|
x x x
Ниоткуда с любовью, надцатого мартобря,
дорогой, уважаемый, милая, но неважно
даже кто, ибо черт лица, говоря
откровенно, не вспомнить, уже не ваш, но
и ничей верный друг вас приветствует с одного
из пяти континентов, держащегося на ковбоях;
я любил тебя больше, чем ангелов и самого,
и поэтому дальше теперь от тебя, чем от них обоих;
поздно ночью, в уснувшей долине, на самом дне,
в городке, занесенном снегом по ручку двери,
извиваясь ночью на простыне --
как не сказано ниже по крайней мере --
я взбиваю подушку мычащим "ты"
за морями, которым конца и края,
в темноте всем телом твои черты,
как безумное зеркало повторяя.
1975 -- 1976
x x x
Ты забыла деревню, затерянную в болотах
залесенной губернии, где чучел на огородах
отродясь не держат -- не те там злаки,
и доро'гой тоже все гати да буераки.
Баба Настя, поди, померла, и Пестерев жив едва ли,
а как жив, то пьяный сидит в подвале,
либо ладит из спинки нашей кровати что-то,
говорят, калитку, не то ворота.
А зимой там колют дрова и сидят на репе,
и звезда моргает от дыма в морозном небе.
И не в ситцах в окне невеста, а праздник пыли
да пустое место, где мы любили.
1975
x x x
...и при слове "грядущее" из русского языка
выбегают черные мыши и всей оравой
отгрызают от лакомого куска
памяти, что твой сыр дырявой.
После стольких лет уже безразлично, что
или кто стоит у окна за шторой,
и в мозгу раздается не земное "до",
но ее шуршание. Жизнь, которой,
как дареной вещи, не смотрят в пасть,
обнажает зубы при каждой встрече.
От всего человека вам остается часть
речи. Часть речи вообще. Часть речи.
1975
_____________________________________________
Я входил вместо дикого зверя в клетку,
выжигал свой срок и кликуху гвоздем в бараке,
жил у моря, играл в рулетку,
обедал черт знает с кем во фраке.
С высоты ледника я озирал полмира,
трижды тонул, дважды бывал распорот.
Бросил страну, что меня вскормила.
Из забывших меня можно составить город.
Я слонялся в степях, помнящих вопли гунна,
надевал на себя что сызнова входит в моду,
сеял рожь, покрывал черной толью гумна
и не пил только сухую воду.
Я впустил в свои сны вороненый зрачок конвоя,
жрал хлеб изгнанья, не оставляя корок.
Позволял своим связкам все звуки, помимо воя;
перешел на шепот. Теперь мне сорок.
Что сказать мне о жизни? Что оказалась длинной.
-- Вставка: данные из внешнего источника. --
(* Let $\beta\in\mathbb{C}$ with $|\beta|=1$, $m\in\mathrm{Hol}(\mathbb{D})$, $m\not\equiv0$, $T:\mathrm{Hol}(\mathbb{D})\to\mathrm{Hol}(\mathbb{D})$ given by $(Tf)(z)=m(z)f(\beta z)$, and let $T_0$ be the restriction of $T$ to $\mathrm{Hol}_0(\mathbb{D})=\{f\in\mathrm{Hol}(\mathbb{D}):f(0)=0\}$. Then (a) $m(0)\in\sigma(T)$; (b) $\rho(T)\subset\rho(T_0)$; (c) $\rho(T_0)\subset\rho(T)\cup\{m(0)\}$.
   Context: $\mathbb{D}$ is the open unit disc, $\mathrm{Hol}(\mathbb{D})$ the space of holomorphic functions on $\mathbb{D}$. For a linear operator $S$ on a space $Y$, $\rho(S)$ is the set of $\lambda\in\mathbb{C}$ with $\lambda\mathrm{Id}-S$ bijective on $Y$ and $\sigma(S)=\mathbb{C}\setminus\rho(S)$. *)

From HB Require Import structures.
From mathcomp Require Import all_boot all_order all_algebra.
From mathcomp Require Import all_classical all_reals all_analysis.
From mathcomp Require Import complex.
Set Implicit Arguments. Unset Strict Implicit. Unset Printing Implicit Defensive.
Import Order.TTheory GRing.Theory Num.Theory.
Import numFieldNormedType.Exports.
Local Open Scope ring_scope.
Local Open Scope complex_scope.

Section Hol.
Variable R : realType.
Local Notation C := (complex R).

(* Functions are
   represented as C -> C; their values off the disc are irrelevant. *)
Definition hol_disc (f : C -> C) : Prop :=
  forall z : C, `|z| < 1 -> derivable (f : C^o -> C^o) z 1.

Definition eq_disc (f g : C -> C) : Prop :=
  forall z : C, `|z| < 1 -> f z = g z.

Definition hol0_disc (f : C -> C) : Prop := hol_disc f /\ f 0 = 0.

Definition resolvent (Y : (C -> C) -> Prop) (S : (C -> C) -> (C -> C))
  (lam : C) : Prop :=
  (forall f1 f2, Y f1 -> Y f2 ->
     eq_disc (fun z => lam * f1 z - S f1 z) (fun z => lam * f2 z - S f2 z) ->
     eq_disc f1 f2) /\
  (forall g, Y g -> exists2 f, Y f & eq_disc (fun z => lam * f z - S f z) g).

Definition spectrum Y S (lam : C) : Prop := ~ resolvent Y S lam.

Definition wcomp (m : C -> C) (beta : C) (f : C -> C) : C -> C :=
  fun z => m z * f (beta * z).
End Hol.

(* Since beta * 0 = 0, evaluating (lam - T) f at 0 gives (lam - m 0) * f 0.
   For lam = m 0 the whole range of lam - T therefore lies in Hol_0, so the
   constant 1 is missed.  For lam <> m 0, Hol = Hol_0 + constants, and
   bijectivity on Hol and on Hol_0 are equivalent: a difference f1 - f2 with
   (lam - T) f1 = (lam - T) f2 vanishes at 0, and (lam - T) f = g is solved in
   Hol by subtracting from g the image (lam - m) c of the constant
   c = g 0 / (lam - m 0) and solving in Hol_0. *)
From HB Require Import structures.
From mathcomp Require Import all_boot all_order all_algebra.
From mathcomp Require Import all_classical all_reals all_analysis.
From mathcomp Require Import complex.
From mathcomp Require Import ring.
Import Order.TTheory GRing.Theory Num.Theory.
Import numFieldNormedType.Exports.
Local Open Scope ring_scope.

Section HolDisc.
Context {R : realType}.
Local Notation C := (complex R).

Lemma hol_disc_cst (c : C) : hol_disc (fun _ => c).
Proof. by move=> z _; exact: derivable_cst. Qed.

Lemma hol_discD {f g : C -> C} : hol_disc f -> hol_disc g ->
  hol_disc (fun z => f z + g z).
Proof. by move=> hf hg z hz; exact: derivableD (hf z hz) (hg z hz). Qed.

Lemma hol_discB {f g : C -> C} : hol_disc f -> hol_disc g ->
  hol_disc (fun z => f z - g z).
Proof. by move=> hf hg z hz; exact: derivableB (hf z hz) (hg z hz). Qed.

Lemma hol_discMr {f : C -> C} (c : C) : hol_disc f ->
  hol_disc (fun z => f z * c).
Proof.
move=> hf z hz.
have -> : (fun z => f z * c) = (fun z => c *: (f z : C^o)).
  by apply: funext => w; rewrite mulrC.
exact: (@derivableZ _ C^o C^o f c z 1 (hf z hz)).
Qed.

Lemma norm0_lt1 : `|0 : C| < 1.
Proof. by rewrite normr0 ltr01. Qed.

End HolDisc.

Section WeightedComposition.
Variables (R : realType) (m : complex R -> complex R) (beta : complex R).
Hypothesis hol_m : hol_disc m.
Local Notation C := (complex R).
Local Notation T := (wcomp m beta).

Definition sub_wcomp (lam : C) (f : C -> C) : C -> C :=
  fun z => lam * f z - T f z.

Definition injective_disc (Y : (C -> C) -> Prop) (S : (C -> C) -> C -> C) :=
  forall f1 f2, Y f1 -> Y f2 -> eq_disc (S f1) (S f2) -> eq_disc f1 f2.

Definition onto_disc (Y : (C -> C) -> Prop) (S : (C -> C) -> C -> C) :=
  forall g, Y g -> exists2 f, Y f & eq_disc (S f) g.

Lemma resolventE Y lam :
  resolvent Y T lam <-> injective_disc Y (sub_wcomp lam) /\ onto_disc Y (sub_wcomp lam).
Proof. by []. Qed.

Lemma sub_wcomp_at0 lam f : sub_wcomp lam f 0 = (lam - m 0) * f 0.
Proof. by rewrite /sub_wcomp /wcomp mulr0 mulrBl. Qed.

Lemma sub_wcompB lam f1 f2 z :
  sub_wcomp lam (fun w => f1 w - f2 w) z = sub_wcomp lam f1 z - sub_wcomp lam f2 z.
Proof. by rewrite /sub_wcomp /wcomp; ring. Qed.

Lemma sub_wcompD_cst lam f c z :
  sub_wcomp lam (fun w => f w + c) z = sub_wcomp lam f z + (lam - m z) * c.
Proof. by rewrite /sub_wcomp /wcomp; ring. Qed.

Lemma spectrum_wcomp_m0 : spectrum (@hol_disc R) T (m 0).
Proof.
move=> /resolventE[_ onto]; have [f _ Ef] := onto (fun _ => 1) (hol_disc_cst 1).
have := Ef 0 norm0_lt1; rewrite sub_wcomp_at0 subrr mul0r => /eqP.
by rewrite eq_sym oner_eq0.
Qed.

Lemma resolvent_wcomp_hol0 lam :
  resolvent (@hol_disc R) T lam -> resolvent (@hol0_disc R) T lam.
Proof.
move=> /resolventE[inj onto]; split=> [f1 f2 [hf1 _] [hf2 _]|g [hg g0]].
  exact: inj.
have lam_m0 : lam - m 0 != 0.
  by rewrite subr_eq0; apply/eqP => lamE; apply: spectrum_wcomp_m0; rewrite -lamE.
have [f hf Ef] := onto g hg; exists f => //; split=> //.
have := Ef 0 norm0_lt1; rewrite sub_wcomp_at0 g0 => /eqP.
by rewrite mulf_eq0 (negbTE lam_m0) => /eqP.
Qed.

Lemma injective_sub_wcomp_hol lam : lam != m 0 ->
  injective_disc (@hol0_disc R) (sub_wcomp lam) ->
  injective_disc (@hol_disc R) (sub_wcomp lam).
Proof.
rewrite -subr_eq0 => lam_m0 inj f1 f2 hf1 hf2 Ef.
have Ediff : eq_disc (sub_wcomp lam (fun w => f1 w - f2 w)) (sub_wcomp lam (fun=> 0)).
  by move=> z hz; rewrite sub_wcompB Ef // subrr /sub_wcomp /wcomp !mulr0 subr0.
have hdiff : hol0_disc (fun w => f1 w - f2 w).
  split; first exact: hol_discB.
  have := sub_wcomp_at0 lam (fun w => f1 w - f2 w).
  rewrite sub_wcompB (Ef 0 norm0_lt1) subrr => /esym/eqP.
  by rewrite mulf_eq0 (negbTE lam_m0) => /eqP.
have hzero : hol0_disc (fun=> 0 : C) by split; first exact: hol_disc_cst.
move=> z /(inj _ _ hdiff hzero Ediff z) /eqP.
by rewrite subr_eq0 => /eqP.
Qed.

Lemma onto_sub_wcomp_hol lam : lam != m 0 ->
  onto_disc (@hol0_disc R) (sub_wcomp lam) -> onto_disc (@hol_disc R) (sub_wcomp lam).
Proof.
rewrite -subr_eq0 => lam_m0 onto g hg; pose c := g 0 / (lam - m 0).
have hg0 : hol0_disc (fun z => g z - (lam - m z) * c).
  split; last by rewrite /c mulrC divfK // subrr.
  exact: hol_discB hg (hol_discMr c (hol_discB (hol_disc_cst lam) hol_m)).
have [f [hf _] Ef] := onto _ hg0.
exists (fun z => f z + c); first exact: hol_discD hf (hol_disc_cst c).
by move=> z hz; rewrite sub_wcompD_cst Ef // subrK.
Qed.

Lemma resolvent_hol0_wcomp lam : lam != m 0 ->
  resolvent (@hol0_disc R) T lam -> resolvent (@hol_disc R) T lam.
Proof.
move=> lam_m0 /resolventE[inj onto]; apply/resolventE; split.
- exact: injective_sub_wcomp_hol.
- exact: onto_sub_wcomp_hol.
Qed.

End WeightedComposition.

Theorem lemma2p4 (R : realType) (beta : complex R) (m : complex R -> complex R) :
  `|beta| = 1 ->
  hol_disc m ->
  ~ eq_disc m (fun _ => 0) ->
  [/\ spectrum (@hol_disc R) (wcomp m beta) (m 0),
      (forall lam, resolvent (@hol_disc R) (wcomp m beta) lam ->
                   resolvent (@hol0_disc R) (wcomp m beta) lam) &
      (forall lam, resolvent (@hol0_disc R) (wcomp m beta) lam ->
                   resolvent (@hol_disc R) (wcomp m beta) lam \/ lam = m 0)].
Proof.
move=> _ hol_m _; split.
- exact: spectrum_wcomp_m0.
- exact: resolvent_wcomp_hol0.
- move=> lam res0; have [->|lam_m0] := eqVneq lam (m 0); first by right.
  by left; exact: resolvent_hol0_wcomp res0.
Qed.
Только с горем я чувствую солидарность.
Но пока мне рот не забили глиной,
из него раздаваться будет лишь благодарность.
24 мая 1980
______________________________________________
Семенов
Владимиру Уфлянду
Не было ни Иванова, ни Сидорова, ни Петрова.
Был только зеленый луг и на нем корова.
Вдали по рельсам бежала цепочка стальных вагонов.
И в одном из них ехал в отпуск на юг Семенов.
Время шло все равно. Время, наверно, шло бы,
не будь ни коровы, ни луга: ни зелени, ни утробы.
И если бы Иванов, Петров и Сидоров были,
и Семенов бы ехал мимо в автомобиле.
Задумаешься над этим и, встретившись взглядом с лугом,
вздрогнешь и отвернешься -- скорее всего с испугом:
ежели неподвижность действительно мать движенья,
то отчего у них разные выраженья?
И не только лица, но -- что важнее -- тела?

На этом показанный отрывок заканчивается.